### GOAL OF THE EXERCISE
Only one stretch of the data is wanted: the line containing "Definition ev3 (S", the line containing "Definition is_congruence (S", and every line between them, copied exactly.

[Stored data]
------------------------
(* Let $n\ge0$, $r,s\ge1$, and suppose the variety $\mathcal V$ has $n+2$ Gumm terms and satisfies $$\alpha(\beta\circ_{2r+1}\gamma)\subseteq\alpha(\gamma\circ\beta)\circ(\alpha\gamma\circ_s\alpha\beta).$$ Then $\mathcal V$ satisfies $\alpha(\beta\circ_{4r+1}\gamma)\subseteq\alpha(\gamma\circ\beta)\circ(\alpha\gamma\circ_{s+4rn}\alpha\beta)$, and more generally, for every $q\ge1$, $$\alpha(\beta\circ_{2^qr+1}\gamma)\subseteq\alpha(\gamma\circ\beta)\circ(\alpha\gamma\circ_{s+(2^{q+1}-4)rn}\alpha\beta).$$
   Context: Here $\alpha,\beta,\gamma$ range over congruences of algebras in $\mathcal V$. $\circ$ is relational composition, juxtaposition is intersection. For relations $X,Y$ and $m\ge1$, $X\circ_m Y$ denotes $X\circ Y\circ X\circ\cdots$ with $m$ factors. A variety has $n+2$ Gumm terms if it has ternary terms $p,j_1,\dots,j_{n+1}$ satisfying: $x=j_i(x,y,x)$ for all $i$; $x=p(x,z,z)$; $p(x,x,z)=j_1(x,x,z)$; $j_i(x,z,z)=j_{i+1}(x,z,z)$ for odd $i\le n$; $j_i(x,x,z)=j_{i+1}(x,x,z)$ for even $i\le n$; $j_{n+1}(x,y,z)=z$. *)

From mathcomp Require Import all_boot.
Set Implicit Arguments.
Unset Strict Implicit.
Unset Printing Implicit Defensive.

Record signature := Signature {
  op_sym :> Type;
  arity : op_sym -> nat
}.

Inductive term (S : signature) (X : Type) : Type :=
| Var : X -> term S X
| App : forall f : S, ('I_(arity f) -> term S X) -> term S X.
Arguments Var {S X} _.
Arguments App {S X} _ _.

Record algebra (S : signature) := Algebra {
  carrier :> Type;
  interp : forall f : S, ('I_(arity f) -> carrier) -> carrier
}.

Fixpoint eval (S : signature) (A : algebra S) (X : Type) (v : X -> A)
  (t : term S X) : A :=
  match t with
  | Var x => v x
  | App f args => @interp S A f (fun i => eval v (args i))
  end.

Definition identities (S : signature) := term S nat -> term S nat -> Prop.

Definition in_variety (S : signature) (Sigma : identities S) (A : algebra S) : Prop :=
  forall t1 t2, Sigma t1 t2 -> forall v : nat -> A, eval v t1 = eval v t2.

Inductive var3 := vx | vy | vz.

Definition ev3 (S : signature) (A : algebra S) (t : term S var3) (x y z : A) : A :=
  @eval S A var3 (fun w => match w with vx => x | vy => y | vz => z end) t.

(* V has n+2 Gumm terms p, j_1, ..., j_{n+1}  (j is indexed by 1..n+1). *)
Definition has_Gumm_terms (S : signature) (Sigma : identities S) (n : nat) : Prop :=
  exists (p : term S var3) (j : nat -> term S var3),
    forall A : algebra S, in_variety Sigma A ->
    forall x y z : A,
      (forall i, 1 <= i <= n.+1 -> ev3 (j i) x y x = x) /\
      ev3 p x z z = x /\
      ev3 p x x z = ev3 (j 1) x x z /\
      (forall i, 1 <= i <= n -> odd i -> ev3 (j i) x z z = ev3 (j i.+1) x z z) /\
      (forall i, 1 <= i <= n -> ~~ odd i -> ev3 (j i) x x z = ev3 (j i.+1) x x z) /\
      ev3 (j n.+1) x y z = z.

Definition rel_comp (A : Type) (X Y : A -> A -> Prop) : A -> A -> Prop :=
  fun a c => exists b, X a b /\ Y b c.

Definition rel_meet (A : Type) (X Y : A -> A -> Prop) : A -> A -> Prop :=
  fun a b => X a b /\ Y a b.

(* X o_m Y = X o Y o X o ... with m factors (m >= 1); for m = 0 we set it to
   equality (never used). *)
Fixpoint rel_comp_m (A : Type) (m : nat) (X Y : A -> A -> Prop) : A -> A -> Prop :=
  match m with
  | 0 => fun a b => a = b
  | 1 => X
  | m'.+1 => rel_comp X (rel_comp_m m' Y X)
  end.

Definition is_congruence (S : signature) (A : algebra S) (th : A -> A -> Prop) : Prop :=
  (forall a, th a a) /\
  (forall a b, th a b -> th b a) /\
  (forall a b c, th a b -> th b c -> th a c) /\
  (forall (f : S) (u w : 'I_(arity f) -> A),
      (forall i, th (u i) (w i)) -> th (@interp S A f u) (@interp S A f w)).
------------------------
### ANSWER TO THIS PROBLEM
Definition ev3 (S : signature) (A : algebra S) (t : term S var3) (x y z : A) : A :=
  @eval S A var3 (fun w => match w with vx => x | vy => y | vz => z end) t.

(* V has n+2 Gumm terms p, j_1, ..., j_{n+1}  (j is indexed by 1..n+1). *)
Definition has_Gumm_terms (S : signature) (Sigma : identities S) (n : nat) : Prop :=
  exists (p : term S var3) (j : nat -> term S var3),
    forall A : algebra S, in_variety Sigma A ->
    forall x y z : A,
      (forall i, 1 <= i <= n.+1 -> ev3 (j i) x y x = x) /\
      ev3 p x z z = x /\
      ev3 p x x z = ev3 (j 1) x x z /\
      (forall i, 1 <= i <= n -> odd i -> ev3 (j i) x z z = ev3 (j i.+1) x z z) /\
      (forall i, 1 <= i <= n -> ~~ odd i -> ev3 (j i) x x z = ev3 (j i.+1) x x z) /\
      ev3 (j n.+1) x y z = z.

Definition rel_comp (A : Type) (X Y : A -> A -> Prop) : A -> A -> Prop :=
  fun a c => exists b, X a b /\ Y b c.

Definition rel_meet (A : Type) (X Y : A -> A -> Prop) : A -> A -> Prop :=
  fun a b => X a b /\ Y a b.

(* X o_m Y = X o Y o X o ... with m factors (m >= 1); for m = 0 we set it to
   equality (never used). *)
Fixpoint rel_comp_m (A : Type) (m : nat) (X Y : A -> A -> Prop) : A -> A -> Prop :=
  match m with
  | 0 => fun a b => a = b
  | 1 => X
  | m'.+1 => rel_comp X (rel_comp_m m' Y X)
  end.

Definition is_congruence (S : signature) (A : algebra S) (th : A -> A -> Prop) : Prop :=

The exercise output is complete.